When I was 6 year old, I was burned by hot cooking oil. Within that same year, I had my appendix removed. At the age of 27 (and again at 30 and 35), I gained a cesarean scar. And, these are only the big scars among the visible ones on my body.
I barely notice these scars anymore. Really, I only think of them when chronicling my medical history. These are not the scars that mark me the most. These are not the scars that mark my soul.
The scars that mark my soul are much more subtle. They are something not even a doctor could find. They are the scars left behind by *infertility.
Infertility stripped away my faith on my body. When you grow up and dream of a family, you assume that when you want to start a family, it will happen without delay or trouble. With infertility, that is proven false. I no longer automatically believe that my body would do what it was suppose to do. I no longer had the naive belief that every pregnancy would bring a baby.
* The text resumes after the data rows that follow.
(* Let $0\neq h\in\mathbb{F}[x]$ and let $u_1,\dots,u_\ell$ be the distinct monic irreducible factors of $h$ in $\mathbb{F}[x]$ that are not central in $A_h$. Then an element $v\in A_h$ is normal (i.e. $vA_h=A_hv$) if and only if $v=u_1^{\beta_1}\cdots u_\ell^{\beta_\ell}z$ for some integers $\beta_i\ge0$ and some $z$ in the center $Z(A_h)$. If $\mathrm{char}(\mathbb{F})=p>0$, the exponents may moreover be chosen with $0\le\beta_i<p$ for all $i$.
   Context: $\mathbb{F}$ is an arbitrary field. For $h\in\mathbb{F}[x]$, $A_h$ is the unital associative $\mathbb{F}$-algebra generated by $x,\hat y$ with defining relation $\hat yx-x\hat y=h$; $\mathbb{F}[x]$ is a subalgebra of $A_h$. An irreducible factor $u$ of $h$ is central in $A_h$ iff $u'=0$. *)

From HB Require Import structures.
From mathcomp Require Import all_boot all_order all_algebra.
Set Implicit Arguments. Unset Strict Implicit. Unset Printing Implicit Defensive.
Import GRing.Theory.
Local Open Scope ring_scope.

(* The algebra A_h = F<x, y^ | y^ x - x y^ = h> is realised concretely through
   its PBW basis: every element is uniquely  sum_i a_i(x) y^^i  with a_i in F[x].
   We represent it by  P : {poly {poly F}}  (outer variable = y^, coefficients
   in F[x], written on the LEFT).  The multiplication is determined by the
   relation  y^ f = f y^ + h f'  for f in F[x]. *)

Section Ah.
Variable F : fieldType.
Variable h : {poly F}.

Definition Ah := {poly {poly F}}.

Definition Dh (f : {poly F}) : {poly F} := h * f^`().

Definition Ymul (Q : Ah) : Ah := Q * 'X + map_poly Dh Q.

Definition amul (P Q : Ah) : Ah :=
  \sum_(i < size P) (P`_i)%:P * iter i Ymul Q.

Definition ofpoly (f : {poly F}) : Ah := f%:P.

Definition Ah_x : Ah := 'X%:P.
Definition Ah_y : Ah := 'X.

Definition central (z : Ah) : Prop := forall a : Ah, amul z a = amul a z.

Definition normal_elt (v : Ah) : Prop :=
  (forall a : Ah, exists b : Ah, amul v a = amul b v) /\
  (forall a : Ah, exists b : Ah, amul a v = amul v b).

End Ah.

(* Let s be the monic irreducible factors u of h with u' != 0 (these are the
   non-central ones) and  sprod b = prod_{u in s} u^(b u).

   1. [amul] is associative, bilinear and unital, and degrees in y add, so
      A_h is a domain; centrality and normality can be tested on x and y.
   2. Each u | h is normal (u y = (y - (h/u) u') u), hence so is
      sprod b * z for central z.
   3. Conversely a nonzero normal v commutes with x, and v y = (y + g) v
      for some g in F[x]: every coefficient c of v solves  h c' = -g c.
   4. Arithmetic of F[x]: a nonzero solution a is D-stable (a | h a'), hence
      a = r * sprod b with r' = 0 and every b u < char F; the Wronskian
      W(sprod b, c) then vanishes for every solution c, which forces
      c = t * sprod b with t' = 0.
   5. Dividing v by sprod b coefficientwise gives z, which commutes with x
      and y, hence is central. *)
From HB Require Import structures.
From mathcomp Require Import all_boot all_order all_algebra.
From mathcomp Require Import zify ring.
From Stdlib Require Import Classical.
Set Implicit Arguments. Unset Strict Implicit. Unset Printing Implicit Defensive.
Import GRing.Theory.
Local Open Scope ring_scope.

Section OreProduct.
Variables (F : fieldType) (h : {poly F}).
Local Notation D := (Dh h).
Local Notation Y := (Ymul h).
Local Notation am := (amul h).
Implicit Types (f g u : {poly F}) (P Q R v w z : Ah F).

Lemma Dh0 : D 0 = 0. Proof. by rewrite /Dh deriv0 mulr0. Qed.
Lemma DhD f g : D (f + g) = D f + D g. Proof. by rewrite /Dh derivD mulrDr. Qed.
Lemma DhC (c : F) : D c%:P = 0. Proof. by rewrite /Dh derivC mulr0. Qed.
Lemma DhM f g : D (f * g) = D f * g + f * D g.
Proof. by rewrite /Dh derivM mulrDr mulrA [h * (f * _)]mulrCA mulrA. Qed.

Lemma coef_mapDh Q i : (map_poly D Q)`_i = D Q`_i.
Proof. by rewrite coef_map_id0 // Dh0. Qed.

Lemma mapDhD P Q : map_poly D (P + Q) = map_poly D P + map_poly D Q.
Proof. by apply/polyP=> i; rewrite coefD !coef_mapDh coefD DhD. Qed.

Lemma mapDh_MXaddC P f : map_poly D (P * 'X + f%:P) = map_poly D P * 'X + (D f)%:P.
Proof.
apply/polyP=> i; rewrite coef_mapDh !coefD !coefMX !coefC coef_mapDh.
by case: i => [|i] /=; rewrite ?Dh0 ?add0r ?addr0 // coef_mapDh.
Qed.

Lemma mapDhC f : map_poly D f%:P = (D f)%:P.
Proof. by have := mapDh_MXaddC 0 f; rewrite !mul0r !add0r map_poly0 mul0r add0r. Qed.

Lemma mapDhMX Q : map_poly D (Q * 'X) = map_poly D Q * 'X.
Proof. by have := mapDh_MXaddC Q 0; rewrite !addr0 Dh0 addr0. Qed.

Lemma mapDhCM f Q : map_poly D (f%:P * Q) = f%:P * map_poly D Q + (D f)%:P * Q.
Proof. by apply/polyP=> i; rewrite coefD !coefCM !coef_mapDh coefCM DhM addrC mulrC. Qed.

Lemma Ymul0 : Y 0 = 0.
Proof. by rewrite /Ymul mul0r add0r map_poly0. Qed.
Lemma YmulD P Q : Y (P + Q) = Y P + Y Q.
Proof. by rewrite /Ymul mulrDl mapDhD addrACA. Qed.
Lemma YmulCM f Q : Y (f%:P * Q) = f%:P * Y Q + (D f)%:P * Q.
Proof. by rewrite /Ymul mapDhCM mulrDr addrA mulrA. Qed.
Lemma YmulMX Q : Y (Q * 'X) = Y Q * 'X.
Proof. by rewrite /Ymul mapDhMX mulrDl. Qed.

Lemma amul_widen n P Q : (size P <= n)%N ->
  am P Q = \sum_(i < n) (P`_i)%:P * iter i Y Q.
Proof.
move=> hn; rewrite /amul (big_ord_widen n (fun i => (P`_i)%:P * iter i Y Q) hn).
rewrite big_mkcond; apply: eq_bigr => i _; case: ifP => // /negbT.
by rewrite -leqNgt => /(nth_default 0) ->; rewrite mul0r.
Qed.

Lemma amul0 Q : am 0 Q = 0.
Proof. by rewrite /amul size_poly0 big_ord0. Qed.

Lemma amul_MXaddC P f Q : am (P * 'X + f%:P) Q = f%:P * Q + am P (Y Q).
Proof.
rewrite (@amul_widen (size P).+1); last by rewrite size_MXaddC; case: ifP.
rewrite big_ord_recl /= coefD coefMX coefC /= add0r; congr (_ + _).
by apply: eq_bigr => i _; rewrite coefD coefMX coefC /= addr0 -iterSr.
Qed.

Lemma amulC f Q : am f%:P Q = f%:P * Q.
Proof. by have := amul_MXaddC 0 f Q; rewrite mul0r add0r amul0 addr0. Qed.

Lemma amul1 Q : am 1 Q = Q.
Proof. by rewrite -polyC1 amulC polyC1 mul1r. Qed.

Lemma amulXl Q : am 'X Q = Y Q.
Proof. by have := amul_MXaddC 1 0 Q; rewrite mul1r mul0r add0r amul1 addr0. Qed.

Lemma amulDl P1 P2 Q : am (P1 + P2) Q = am P1 Q + am P2 Q.
Proof.
set n := maxn (size P1) (size P2).
rewrite !(@amul_widen n) ?leq_maxl ?leq_maxr ?(leq_trans (size_polyD _ _)) //.
by rewrite -big_split /=; apply: eq_bigr => i _; rewrite coefD polyCD mulrDl.
Qed.

Lemma amulCMl f P Q : am (f%:P * P) Q = f%:P * am P Q.
Proof.
rewrite (@amul_widen (size P)); last by rewrite mul_polyC size_scale_leq.
by rewrite /amul mulr_sumr; apply: eq_bigr => i _; rewrite coefCM polyCM mulrA.
Qed.

Lemma amulDr P Q1 Q2 : am P (Q1 + Q2) = am P Q1 + am P Q2.
Proof.
elim/poly_ind: P Q1 Q2 => [|P c IH] Q1 Q2; first by rewrite !amul0 addr0.
by rewrite !amul_MXaddC YmulD IH mulrDr addrACA.
Qed.

Lemma amulr0 P : am P 0 = 0.
Proof.
by elim/poly_ind: P => [|P c IH]; rewrite ?amul0 // amul_MXaddC Ymul0 IH mulr0 addr0.
Qed.

Lemma amulY Q R : am (Y Q) R = Y (am Q R).
Proof.
elim/poly_ind: Q R => [|Q d IH] R; first by rewrite Ymul0 amul0 Ymul0.
have YQd : Y (Q * 'X + d%:P) = (Y Q + d%:P) * 'X + (D d)%:P.
  by rewrite /Ymul mapDh_MXaddC !mulrDl -!addrA; congr (_ + _); rewrite addrCA.
rewrite YQd !amul_MXaddC amulDl IH amulC YmulD YmulCM.
by rewrite [Y _ + _]addrC addrA [(D d)%:P * R + _]addrC.
Qed.

Lemma amulA P Q R : am (am P Q) R = am P (am Q R).
Proof.
elim/poly_ind: P Q => [|P c IH] Q; first by rewrite !amul0.
by rewrite !amul_MXaddC amulDl amulCMl IH amulY.
Qed.

Lemma amulMX P Q : am P (Q * 'X) = am P Q * 'X.
Proof.
elim/poly_ind: P Q => [|P c IH] Q; first by rewrite !amul0 mul0r.
by rewrite !amul_MXaddC YmulMX IH mulrDl mulrA.
Qed.

Lemma amul_constCM P f Q : D f = 0 -> am P (f%:P * Q) = f%:P * am P Q.
Proof.
move=> Df0; elim/poly_ind: P Q => [|P c IH] Q; first by rewrite !amul0 mulr0.
by rewrite !amul_MXaddC YmulCM Df0 mul0r addr0 IH mulrDr mulrCA.
Qed.

Lemma amulr1 P : am P 1 = P.
Proof.
elim/poly_ind: P => [|P c IH]; first by rewrite amul0.
have Y1 : Y 1 = 1 * 'X by rewrite /Ymul -polyC1 mapDhC DhC addr0.
by rewrite amul_MXaddC mulr1 Y1 amulMX IH addrC.
Qed.

Lemma amulX P : am P 'X = P * 'X.
Proof. by rewrite -[X in am P X]mul1r amulMX amulr1. Qed.

Lemma amul_constC P f : D f = 0 -> am P f%:P = f%:P * P.
Proof. by move=> Df0; have := amul_constCM P 1 Df0; rewrite !mulr1 amulr1. Qed.

Lemma Ymul_size Q : Q != 0 -> size (Y Q) = (size Q).+1 /\ lead_coef (Y Q) = lead_coef Q.
Proof.
move=> Q0; have hs : (size (map_poly D Q) < size (Q * 'X)%R)%N.
  by rewrite size_mulX // ltnS size_poly.
by rewrite /Ymul size_addl // lead_coefDl // size_mulX // lead_coefMX.
Qed.

Lemma amul_size P Q : P != 0 -> Q != 0 ->
  size (am P Q) = (size P + size Q).-1 /\ lead_coef (am P Q) = lead_coef P * lead_coef Q.
Proof.
elim/poly_ind: P Q => [|P c IH] Q; first by rewrite eqxx.
move=> Pc0 Q0; have [P0|P0] := eqVneq P 0.
  move: Pc0; rewrite P0 mul0r add0r polyC_eq0 => c0.
  by rewrite amulC size_Cmul ?lead_coefM ?lead_coefC // size_polyC c0.
have YQ0 : Y Q != 0 by rewrite -size_poly_gt0 (Ymul_size Q0).1.
have [sPY lPY] := IH _ P0 YQ0; have [sY lY] := Ymul_size Q0.
have hc : (size (c%:P * Q)%R < size (am P (Y Q)))%N.
  rewrite sPY sY addnS /= mul_polyC (leq_ltn_trans (size_scale_leq _ _)) //.
  by rewrite -[X in (X < _)%N]add0n ltn_add2r size_poly_gt0.
have hP : (size c%:P < size (P * 'X)%R)%N.
  by rewrite size_mulX // ltnS size_polyC (leq_trans (leq_b1 _)) // size_poly_gt0.
rewrite amul_MXaddC addrC size_addl // lead_coefDl // sPY lPY lY.
by rewrite (lead_coefDl hP) (size_addl hP) size_mulX // lead_coefMX sY addnS.
Qed.

Lemma Ah_ind (Pr : Ah F -> Prop) :
  (forall P Q, Pr P -> Pr Q -> Pr (P + Q)) ->
  (forall P Q, Pr P -> Pr Q -> Pr (am P Q)) ->
  (forall c : F, Pr c%:P%:P) -> Pr 'X%:P -> Pr 'X -> forall P, Pr P.
Proof.
move=> PrD PrM PrC Prx Pry.
have Pr0 : Pr 0 by have := PrC 0; rewrite !polyC0.
have PrF f : Pr f%:P.
  elim/poly_ind: f => [|f c IH]; first by rewrite polyC0.
  by rewrite polyCD polyCM -amulC; apply: PrD => //; apply: PrM.
elim/poly_ind => [//|P f IH].
by rewrite -amulX; apply: PrD => //; apply: PrM.
Qed.

Lemma central_gen z : am z 'X%:P = am 'X%:P z -> am z 'X = am 'X z -> central h z.
Proof.
move=> zx zy; apply: Ah_ind => //.
- by move=> P Q zP zQ; rewrite amulDr amulDl zP zQ.
- by move=> P Q zP zQ; rewrite -amulA zP amulA zQ amulA.
- by move=> c; rewrite amulC amul_constC // DhC.
Qed.

Definition left_normal v P := exists Q, am v P = am Q v.
Definition right_normal v P := exists Q, am P v = am v Q.

Lemma left_normal_gen v :
  left_normal v 'X%:P -> left_normal v 'X -> forall P, left_normal v P.
Proof.
move=> vx vy; apply: Ah_ind => //.
- by move=> P Q [P' eP] [Q' eQ]; exists (P' + Q'); rewrite amulDr amulDl eP eQ.
- by move=> P Q [P' eP] [Q' eQ]; exists (am P' Q'); rewrite -amulA eP amulA eQ amulA.
- by move=> c; exists c%:P%:P; rewrite amulC amul_constC // DhC.
Qed.

Lemma right_normal_gen v :
  right_normal v 'X%:P -> right_normal v 'X -> forall P, right_normal v P.
Proof.
move=> vx vy; apply: Ah_ind => //.
- by move=> P Q [P' eP] [Q' eQ]; exists (P' + Q'); rewrite amulDr amulDl eP eQ.
- by move=> P Q [P' eP] [Q' eQ]; exists (am P' Q'); rewrite amulA eQ -amulA eP amulA.
- by move=> c; exists c%:P%:P; rewrite amulC amul_constC // DhC.
Qed.

Lemma normal1 : normal_elt h 1.
Proof. by split=> P; exists P; rewrite amul1 amulr1. Qed.

Lemma normal_mul v w : normal_elt h v -> normal_elt h w -> normal_elt h (am v w).
Proof.
move=> [lv rv] [lw rw]; split=> P.
  have [Q eQ] := lw P; have [R eR] := lv Q.
  by exists R; rewrite amulA eQ -amulA eR amulA.
have [Q eQ] := rv P; have [R eR] := rw Q.
by exists R; rewrite -amulA eQ amulA eR amulA.
Qed.

Lemma normal_mul_central v z : normal_elt h v -> central h z -> normal_elt h (am v z).
Proof.
move=> [lv rv] cz; split=> P.
  by have [Q eQ] := lv P; exists Q; rewrite amulA (cz P) -amulA eQ amulA.
by have [Q eQ] := rv P; exists Q; rewrite -amulA eQ amulA -(cz Q) amulA.
Qed.

(* A divisor u of h is normal:  y u = u (y + w)  and  u y = (y - w) u,
   where w = (h/u) u'. *)
Lemma normal_divisor u : u %| h -> normal_elt h (ofpoly u).
Proof.
move=> uh; rewrite /ofpoly; set w := h %/ u * u^`().
have Yu : Y u%:P = u%:P * 'X + (w * u)%:P.
  by rewrite /Ymul mapDhC /Dh /w -{1}(divpK uh) mulrAC mulrC.
split.
  apply: left_normal_gen; first by exists 'X%:P; rewrite !amulC mulrC.
  exists ('X + (- w)%:P); rewrite amulX amulDl amulXl amulC Yu -addrA.
  by rewrite polyCN mulNr polyCM addrN addr0 mulrC.
apply: right_normal_gen; first by exists 'X%:P; rewrite !amulC mulrC.
exists ('X + w%:P); rewrite amulXl Yu amulC mulrDr polyCM.
by rewrite [u%:P * w%:P]mulrC [u%:P * 'X]mulrC.
Qed.

(* Bookkeeping for degree comparisons: if deg (b v) = deg v + k then deg b = k. *)
Lemma size_factor_eq (k a c : nat) : (0 < c)%N -> (c + k)%N = (a + c).-1 -> a = k.+1.
Proof. lia. Qed.

Lemma left_normal_x v : v != 0 -> left_normal v 'X%:P -> am v 'X%:P = 'X%:P * v.
Proof.
move=> v0 [b e].
have x0 : 'X%:P != 0 :> Ah F by rewrite polyC_eq0 polyX_eq0.
have [s1 l1] := amul_size v0 x0.
rewrite size_polyC polyX_eq0 addn1 /= lead_coefC in s1 l1.
have b0 : b != 0.
  by apply: contra_eq_neq s1; rewrite e => ->; rewrite amul0 size_poly0 eq_sym size_poly_eq0.
have [s2 l2] := amul_size b0 v0; rewrite -e s1 in s2 l2.
have sb : size b = 1%N by apply: (@size_factor_eq 0 _ (size v)); rewrite ?size_poly_gt0 ?addn0.
have lb : lead_coef b = b`_0 by rewrite /lead_coef sb.
have b0X : b`_0 = 'X.
  by apply: (@mulfI _ (lead_coef v)); rewrite ?lead_coef_eq0 // -lb mulrC -l2 l1.
by rewrite e (size1_polyC (eq_leq sb)) b0X amulC.
Qed.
Infertility destroyed my faith in medical odds. Sure, we had occasionally ended up on the wrong side of the medical odds before infertility. But, once we started down the IF highway, the odds were never in our favor. Time and time again, things should have worked out but then they didn't. I honestly think the next doctor that tells me it only happens to 5-10% of patients might get bitch slapped because it seems that I'm always in the 5-10%.
Infertility stripped me of the pure joy I had previously felt when a pregnancy was announced. I am still happy for my friends when they announced their pregnancies but that happiness was tainted by worry and a little side helping of "why not me".
Now, years later, the scars of infertility have faded. They are no longer a throbbing, painful reminder of all we fought against and all we lost. Instead, they've faded to a silvery map covering my heart and soul.But, every now and then, something triggers the memories and longings and those scars become painfully real again.